她执着醒酒器,半蹲下来看脚边陆明漪憋红的眼睛,对女人晃了晃瓶中红酒:
“姐姐酒量这么好,你说,你能一次喝下三瓶酒吗?”
陆明漪垂落在地的黑色长尾颤了颤,向来要强不肯服输的女人,第一次表示能力不足,语气艰涩:
“宝宝,不行……太多了……”
一瓶酒就是750ml,已经超过陆明漪初次承受的极限,而三瓶酒是恐怖的2250ml。
谢晚菱笑了下,薅起她猫尾拽了拽:“那姐姐之前还说能喝三瓶酒?骗我的?”
陆明漪气息不稳,撑在地上的手掌忍到筋骨嶙峋,却心甘情愿闭上眼睛,给心上人出更恶劣的主意:
“可以分成几次……宝宝。”
谢晚菱心头一跳,像夏天的橘子汽水,咕噜噜冒出泡来,勾起陆明漪的颈圈,逼她抬头与自己接吻:
“姐姐再这样惯着我,我会忍不住弄坏你的。”
陆明漪勾唇看着她:“宝宝舍得吗?”
她咬了口陆明漪挺拔的鼻尖,语气调皮道:“那姐姐就用你的身体,好好感受一下,我到底舍不舍得吧?”
“咕咚、咕咚”
醒发过的红酒被她耐心地重新倒回红酒瓶里,瓶口狭窄修长的酒瓶,适合倒悬时缓缓流淌的速度。
窗外雨声滴答,把别墅窗户都惹成雾蒙蒙的昏暗,整栋别墅静谧又温暖。
她拽着大黑猫重新回屋,一路上,倒过来的红酒瓶在眼底轻晃,时不时发出酒液流动的闷响,和着屋外落雨声,别有风味。
红酒倒入一半,谢晚菱取走瓶子,在短暂溢出的酒香味中,用黑猫尾巴结结实实地把酒液封存住。

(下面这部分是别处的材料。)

(* Let $\varphi:\mathbb{R}^d\to\mathbb{R}^p$ be any feature map and $z_1,\dots,z_N\in\mathbb{R}^d$ training inputs with labels $G=(g_1,\dots,g_N)\in\mathbb{R}^N$, such that the kernel $K=\Phi\Phi^\top\in\mathbb{R}^{N\times N}$ is invertible, where $\Phi\in\mathbb{R}^{N\times p}$ has $i$-th row $\varphi(z_i)^\top$. Let $\Phi_{-1}\in\mathbb{R}^{(N-1)\times p}$ be $\Phi$ with its first row removed, $P_{\Phi_{-1}}$ the orthogonal projector onto the span of the rows of $\Phi_{-1}$, and $P^\perp_{\Phi_{-1}}=I-P_{\Phi_{-1}}$. Then $\|P^\perp_{\Phi_{-1}}\varphi(z_1)\|_2\neq 0$, and for every $z\in\mathbb{R}^d$, $$\mathcal S_{z_1}(z)=\mathcal F_\varphi(z,z_1)\,\mathcal S_{z_1}(z_1),\qquad\text{where }\ \mathcal F_\varphi(z,z_1):=\frac{\varphi(z)^\top P^\perp_{\Phi_{-1}}\varphi(z_1)}{\|P^\perp_{\Phi_{-1}}\varphi(z_1)\|_2^2}.$$
   Context: Model: $f(z,\theta)=\varphi(z)^\top\theta$, $\theta\in\mathbb{R}^p$. Given an initialization $\theta_0\in\mathbb{R}^p$, the trained parameters are $\theta^*=\theta_0+\Phi^+(G-\Phi\theta_0)$ with $\Phi^+=\Phi^\top K^{-1}$ (the Moore–Penrose inverse). With $Z_{-1},G_{-1}$ the data and labels without the first pair, $\theta^*_{-1}=\theta_0+\Phi_{-1}^+(G_{-1}-\Phi_{-1}\theta_0)$, where $\Phi_{-1}^+=\Phi_{-1}^\top(\Phi_{-1}\Phi_{-1}^\top)^{-1}$. The stability with respect to $z_1$ is the function $\mathcal S_{z_1}(z):=f(z,\theta^* )-f(z,\theta^*_{-1})$. *)

From mathcomp Require Import all_boot all_order all_algebra.
From mathcomp Require Import reals.
Set Implicit Arguments. Unset Strict Implicit. Unset Printing Implicit Defensive.
Import Order.TTheory GRing.Theory Num.Theory.
Local Open Scope ring_scope.

Section Defs.
Variables (R : realType) (d p : nat).

Definition feat_mx (m : nat) (phi : 'rV[R]_d -> 'cV[R]_p) (Z : 'I_m -> 'rV[R]_d)
  : 'M[R]_(m, p) := \matrix_(i, j) phi (Z i) j 0.

(* Moore-Penrose inverse of a full-row-rank matrix: A^T (A A^T)^{-1}. *)
Definition pinv_rows (m : nat) (A : 'M[R]_(m, p)) : 'M[R]_(p, m) :=
  A^T *m invmx (A *m A^T).

Definition trained (m : nat) (A : 'M[R]_(m, p)) (G : 'cV[R]_m) (theta0 : 'cV[R]_p)
  : 'cV[R]_p := theta0 + pinv_rows A *m (G - A *m theta0).

Definition model (phi : 'rV[R]_d -> 'cV[R]_p) (z : 'rV[R]_d) (theta : 'cV[R]_p) : R :=
  ((phi z)^T *m theta) 0 0.

Definition drop_first (n : nat) (Z : 'I_n.+1 -> 'rV[R]_d) : 'I_n -> 'rV[R]_d :=
  fun i => Z (lift ord0 i).
Definition drop_first_cV (n : nat) (G : 'cV[R]_n.+1) : 'cV[R]_n :=
  \col_i G (lift ord0 i) 0.

(* Stability with respect to z_1 (index ord0). *)
Definition stability (n : nat) (phi : 'rV[R]_d -> 'cV[R]_p)
  (Z : 'I_n.+1 -> 'rV[R]_d) (G : 'cV[R]_n.+1) (theta0 : 'cV[R]_p) (z : 'rV[R]_d) : R :=
  model phi z (trained (feat_mx phi Z) G theta0)
  - model phi z (trained (feat_mx phi (drop_first Z)) (drop_first_cV G) theta0).

Definition is_orth_proj (m : nat) (P : 'M[R]_p) (A : 'M[R]_(m, p)) : Prop :=
  [/\ P^T = P, P *m P = P & (P == A)%MS].

Definition norm2 (v : 'cV[R]_p) : R := Num.sqrt ((v^T *m v) 0 0).

End Defs.

From mathcomp Require Import all_boot all_order all_algebra.
From mathcomp Require Import reals.
Import Order.TTheory GRing.Theory Num.Theory.
Local Open Scope ring_scope.
Set Implicit Arguments. Unset Strict Implicit. Unset Printing Implicit Defensive.

(* Let A = feat_mx phi Z, a = phi(z_1) and B = feat_mx phi (drop_first Z), so
   that A is the block matrix (a^T ; B).  Write delta = theta^* - theta^*_{-1}
   for the difference of the two trained parameter vectors; then
   S_{z_1}(z) = phi(z)^T delta, and the theorem says that delta is a multiple of
   v1 = (1 - P) a.  The argument:
   - A A^T invertible over an ordered field means the rows of A are free
     (unitmx_gram); hence so are the rows of B, and B B^T is invertible too.
   - Both trained vectors interpolate their data, so B delta = 0; and both
     differ from theta_0 by a vector in the row space of A, so delta^T <= A.
   - A vector in the row space of (a^T ; B) killed by B is killed by P, hence
     equals (1 - P) delta, a multiple of (1 - P) a (projC_residual).
   - Since a^T is not in the row space of B (the rows of A are free),
     v1 != 0; and a^T v1 = |v1|^2 because 1 - P is an orthogonal projector. *)

Section SelfDot.
Variable F : realDomainType.

Lemma self_dot_sum k (u : 'rV[F]_k) : (u *m u^T) 0 0 = \sum_j u 0 j ^+ 2.
Proof. by rewrite mxE; apply: eq_bigr => j _; rewrite mxE expr2. Qed.

Lemma self_dot_ge0 k (u : 'rV[F]_k) : 0 <= (u *m u^T) 0 0.
Proof. by rewrite self_dot_sum; apply: sumr_ge0 => j _; exact: sqr_ge0. Qed.

Lemma self_dot_eq0 k (u : 'rV[F]_k) : ((u *m u^T) 0 0 == 0) = (u == 0).
Proof.
apply/idP/eqP => [|->]; last by rewrite mul0mx mxE.
rewrite self_dot_sum psumr_eq0 => [/allP u0|j _]; last exact: sqr_ge0.
apply/matrixP => i j; rewrite [i]ord1 mxE.
by apply/eqP; rewrite -sqrf_eq0; exact: u0 (mem_index_enum _).
Qed.

End SelfDot.

Lemma unitmx_gram (F : realFieldType) m q (X : 'M[F]_(m, q)) :
  (X *m X^T \in unitmx) = row_free X.
Proof.
rewrite -row_free_unit; apply/idP/idP => [freeG | freeX].
  by rewrite /row_free eqn_leq rank_leq_row -{1}(eqP freeG) mxrankM_maxl.
apply: inj_row_free => y /(congr1 (mulmx^~ y^T)); rewrite mul0mx => yGy.
apply/eqP; rewrite -(mulmx_free_eq0 _ freeX) -self_dot_eq0.
by rewrite trmx_mul !mulmxA -(mulmxA y) yGy mxE.
Qed.

Lemma row_free_dsub (F : fieldType) n q (u : 'rV[F]_q) (B : 'M[F]_(n, q)) :
  row_free (col_mx u B) -> row_free B.
Proof.
move=> freeA; apply: inj_row_free => y yB.
have : row_mx 0 y *m col_mx u B = 0 by rewrite mul_row_col mul0mx yB addr0.
by move/eqP; rewrite (mulmx_free_eq0 _ freeA) row_mx_eq0 => /andP[_ /eqP].
Qed.

Lemma row_free_top_notin (F : fieldType) n q (u : 'rV[F]_q) (B : 'M[F]_(n, q)) :
  row_free (col_mx u B) -> ~~ (u <= B)%MS.
Proof.
rewrite /row_free -addsmxE => freeA; apply/negP => /addsmx_idPr uB.
by move: freeA; rewrite uB eqn_leq add1n ltnNge rank_leq_row andbF.
Qed.

Section OrthProj.
Variables (R : realType) (p m : nat) (P : 'M[R]_p) (B : 'M[R]_(m, p)).
Hypothesis projP : is_orth_proj P B.
Let Pperp := 1%:M - P.

Lemma proj_trB : P *m B^T = B^T.
Proof.
case: projP => PT PP /andP[_ /submxP[N ->]].
by rewrite -{1}PT -trmx_mul -mulmxA PP.
Qed.

(* P vanishes on the kernel of B, since the rows of P lie in the rows of B. *)
Lemma proj_ker (x : 'cV[R]_p) : B *m x = 0 -> P *m x = 0.
Proof.
case: projP => _ _ /andP[/submxP[M ->] _] Bx0.
by rewrite -mulmxA Bx0 mulmx0.
Qed.

Lemma projC_trB : Pperp *m B^T = 0.
Proof. by rewrite mulmxBl mul1mx proj_trB subrr. Qed.

Lemma projC_dot (x : 'cV[R]_p) : x^T *m (Pperp *m x) = (Pperp *m x)^T *m (Pperp *m x).
Proof.
case: projP => PT PP _.
have PperpT : Pperp^T = Pperp by rewrite linearB /= trmx1 PT.
have PperpI : Pperp *m Pperp = Pperp.
  by rewrite mulmxBl mul1mx mulmxBr mulmx1 PP subrr subr0.
by rewrite trmx_mul PperpT -mulmxA (mulmxA Pperp) PperpI.
Qed.

Lemma projC_neq0 (u : 'rV[R]_p) : ~~ (u <= B)%MS -> Pperp *m u^T != 0.
Proof.
case: projP => PT _ /andP[PB _]; apply: contraNneq => Pu0.
have uP : u = u *m P.
  have : u^T = P *m u^T.
    by apply/eqP; rewrite -subr_eq0 -{1}(mul1mx u^T) -mulmxBl Pu0.
  by move/(congr1 trmx); rewrite trmx_mul PT !trmxK.
by rewrite uP (submx_trans (submxMl _ _) PB).
Qed.

Lemma projC_residual (u : 'rV[R]_p) (x : 'cV[R]_p) :
  (x^T <= col_mx u B)%MS -> B *m x = 0 -> exists c : 'M[R]_1, x = (Pperp *m u^T) *m c.
Proof.
rewrite -addsmxE => /sub_addsmxP[[c w] /= xE] /proj_ker Px0.
exists c^T; have -> : x = Pperp *m x by rewrite mulmxBl mul1mx Px0 subr0.
rewrite -[x]trmxK xE linearD /= !trmx_mul mulmxDr !mulmxA projC_trB mul0mx.
by rewrite addr0.
Qed.

End OrthProj.

Section Trained.
Variables (R : realType) (p m : nat) (A : 'M[R]_(m, p)) (G : 'cV[R]_m) (theta0 : 'cV[R]_p).

Lemma trained_interp : A *m A^T \in unitmx -> A *m trained A G theta0 = G.
Proof.
move=> unitK; rewrite /trained /pinv_rows mulmxDr !mulmxA mulmxV // mul1mx.
by rewrite addrC subrK.
Qed.

Lemma trained_shift_sub : ((trained A G theta0 - theta0)^T <= A)%MS.
Proof. by rewrite /trained addrC addKr /pinv_rows -mulmxA trmx_mul trmxK submxMl. Qed.

End Trained.

Lemma feat_mx_drop (R : realType) (d p n : nat)
  (phi : 'rV[R]_d -> 'cV[R]_p) (Z : 'I_n.+1 -> 'rV[R]_d) :
  feat_mx phi Z = col_mx (phi (Z ord0))^T (feat_mx phi (drop_first Z)).
Proof.
apply/matrixP => i j; rewrite !mxE; case: splitP => k ik; rewrite !mxE.
  by rewrite [k]ord1; congr (phi (Z _) _ _); apply: val_inj; rewrite /= ik [k]ord1.
by congr (phi (Z _) _ _); apply: val_inj; rewrite /= ik.
Qed.

Lemma drop_first_cVE (R : realType) (n : nat) (G : 'cV[R]_n.+1) :
  drop_first_cV G = dsubmx (G : 'M_(1 + n, 1)).
Proof. by apply/matrixP => i j; rewrite !mxE [j]ord1; congr (G _ _); apply: val_inj. Qed.

Lemma stabilityE (R : realType) (d p n : nat)
  (phi : 'rV[R]_d -> 'cV[R]_p) (Z : 'I_n.+1 -> 'rV[R]_d) (G : 'cV[R]_n.+1)
  (theta0 : 'cV[R]_p) (z : 'rV[R]_d) :
  stability phi Z G theta0 z
  = ((phi z)^T *m (trained (feat_mx phi Z) G theta0
       - trained (feat_mx phi (drop_first Z)) (drop_first_cV G) theta0)) 0 0.
Proof. by rewrite /stability /model mulmxBr [RHS]mxE [X in _ = _ + X]mxE. Qed.

Lemma trained_diff_residual (R : realType) (d p n : nat)
  (phi : 'rV[R]_d -> 'cV[R]_p) (Z : 'I_n.+1 -> 'rV[R]_d) (G : 'cV[R]_n.+1)
  (theta0 : 'cV[R]_p) (P : 'M[R]_p) :
  feat_mx phi Z *m (feat_mx phi Z)^T \in unitmx ->
  is_orth_proj P (feat_mx phi (drop_first Z)) ->
  exists c : 'M[R]_1,
    trained (feat_mx phi Z) G theta0
    - trained (feat_mx phi (drop_first Z)) (drop_first_cV G) theta0
    = ((1%:M - P) *m phi (Z ord0)) *m c.
Proof.
move=> unitK projP; have AE := feat_mx_drop phi Z.
set A := feat_mx phi Z in unitK AE *; set B := feat_mx phi (drop_first Z) in projP AE *.
set a := phi (Z ord0) in AE *.
have unitKB : B *m B^T \in unitmx.
  by rewrite unitmx_gram (@row_free_dsub _ _ _ a^T) // -AE -unitmx_gram.
set tA := trained A G theta0; set tB := trained B (drop_first_cV G) theta0.
have B_diff : B *m (tA - tB) = 0.
  have BtA : B *m tA = dsubmx (G : 'M_(1 + n, 1)).
    by have := mul_col_mx a^T B tA; rewrite -AE trained_interp // => ->; rewrite col_mxKd.
  by rewrite mulmxBr BtA trained_interp // drop_first_cVE subrr.
have diff_row : ((tA - tB)^T <= col_mx a^T B)%MS.
  have -> : tA - tB = (tA - theta0) - (tB - theta0) by rewrite opprB addrA subrK.
  rewrite linearB /= -AE addmx_sub ?eqmx_opp ?trained_shift_sub //.
  by rewrite (submx_trans (trained_shift_sub _ _ _)) // AE -addsmxE addsmxSr.
have [c ->] := projC_residual projP diff_row B_diff.
by exists c; rewrite trmxK.
Qed.

Theorem lemma1 (R : realType) (d p n : nat)
  (phi : 'rV[R]_d -> 'cV[R]_p) (Z : 'I_n.+1 -> 'rV[R]_d) (G : 'cV[R]_n.+1)
  (theta0 : 'cV[R]_p) (P : 'M[R]_p) :
  feat_mx phi Z *m (feat_mx phi Z)^T \in unitmx ->
  is_orth_proj P (feat_mx phi (drop_first Z)) ->
  let Pperp := 1%:M - P in
  let v1 := Pperp *m phi (Z ord0) in
  norm2 v1 != 0 /\
  forall z : 'rV[R]_d,
    stability phi Z G theta0 z
    = (((phi z)^T *m v1) 0 0 / norm2 v1 ^+ 2) * stability phi Z G theta0 (Z ord0).
Proof.
move=> unitK projP Pperp v1.
have v1_dot : norm2 v1 ^+ 2 = (v1^T *m v1) 0 0.
  by rewrite /norm2 sqr_sqrtr // -{2}[v1]trmxK self_dot_ge0.
have v1_neq0 : v1 != 0.
  have freeA : row_free (col_mx (phi (Z ord0))^T (feat_mx phi (drop_first Z))).
    by rewrite -feat_mx_drop -unitmx_gram.
  by have := projC_neq0 projP (row_free_top_notin freeA); rewrite trmxK.
have norm_neq0 : norm2 v1 != 0.
  by rewrite -sqrf_eq0 v1_dot -{2}[v1]trmxK self_dot_eq0 trmx_eq0.
have [c diffE] := trained_diff_residual G theta0 unitK projP.
have stabE z : stability phi Z G theta0 z = ((phi z)^T *m v1) 0 0 * c 0 0.
  by rewrite stabilityE diffE mulmxA [LHS]mxE big_ord1.
split=> // z; rewrite !stabE (projC_dot projP) -/v1 -v1_dot.
by rewrite mulrA divfK // expf_neq0.
Qed.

陆明漪跪在毯子上,额间全是淋漓汗意,仰头看她:“宝宝,亲我。”
她注视着脚边女人,看着陆明漪在她面前放下所有高傲,忍不住俯身吻去:“姐姐好可爱……”
她肆无忌惮抚摸这只独属于她的黑猫,只有她能看、能摸、能触碰的黑猫。
高傲危险的顶级掠食者,为她收起利爪、按捺体内毁天灭地的力量,乖顺匍匐在她脚边,这种反差对她有致命吸引。
陆明漪体温在她掌心下升高,结实肌肉一寸寸紧绷,发出渴求声:“宝宝……”
“不准,姐姐。”她探出湿漉漉指尖,勾起女人身侧金链,它与尾巴连在一起,挂在黑色裙侧:“现在不可以哦。”
陆明漪眼底沉火几乎能将人灼穿在原地,忍得五指抓住毛毯,嗓子里像揉进沙砾:“宝宝,给姐姐吧……”
她把满是女人气息的指尖,抵入陆明漪唇齿:
“真拿姐姐没办法,好贪吃啊,先让你尝点味道解解渴,嗯?”
陆明漪闭着眼睛,将她指尖一寸寸清理干净,却难以餍足:
“要宝宝的味道……”
她抚着女人眼尾,眼底泛起狡黠,凑近道:“让姐姐尝到我味道的话,等会儿姐姐给我表演个节目好不好?”
“宝宝想看什么?”
“红酒喷泉。”
陆明漪蓦然睁眼,黑眸隐忍炽热,喉咙滚动,仍对她百依百顺:“好——宝宝喂饱姐姐,想让姐姐表演几次都行。”
窗外烟雨雾气与她心跳交织,驯服黑猫的主人,终归要以身饲宠,把自己当作危险宠物听话的奖励。
屋外雨丝在冬日密集落下,簌簌刮过窗上白茫茫雾气。
花园里一盏盏小夜灯不知何时亮起,在窗户上晕成一团团橘色,像梵高画作里的星空。
谢晚菱掀开浴袍,坐在床沿边,高傲的猫却连进食都不肯伸长脖子主动,非要她主动哄着,直到在床边悬出一半。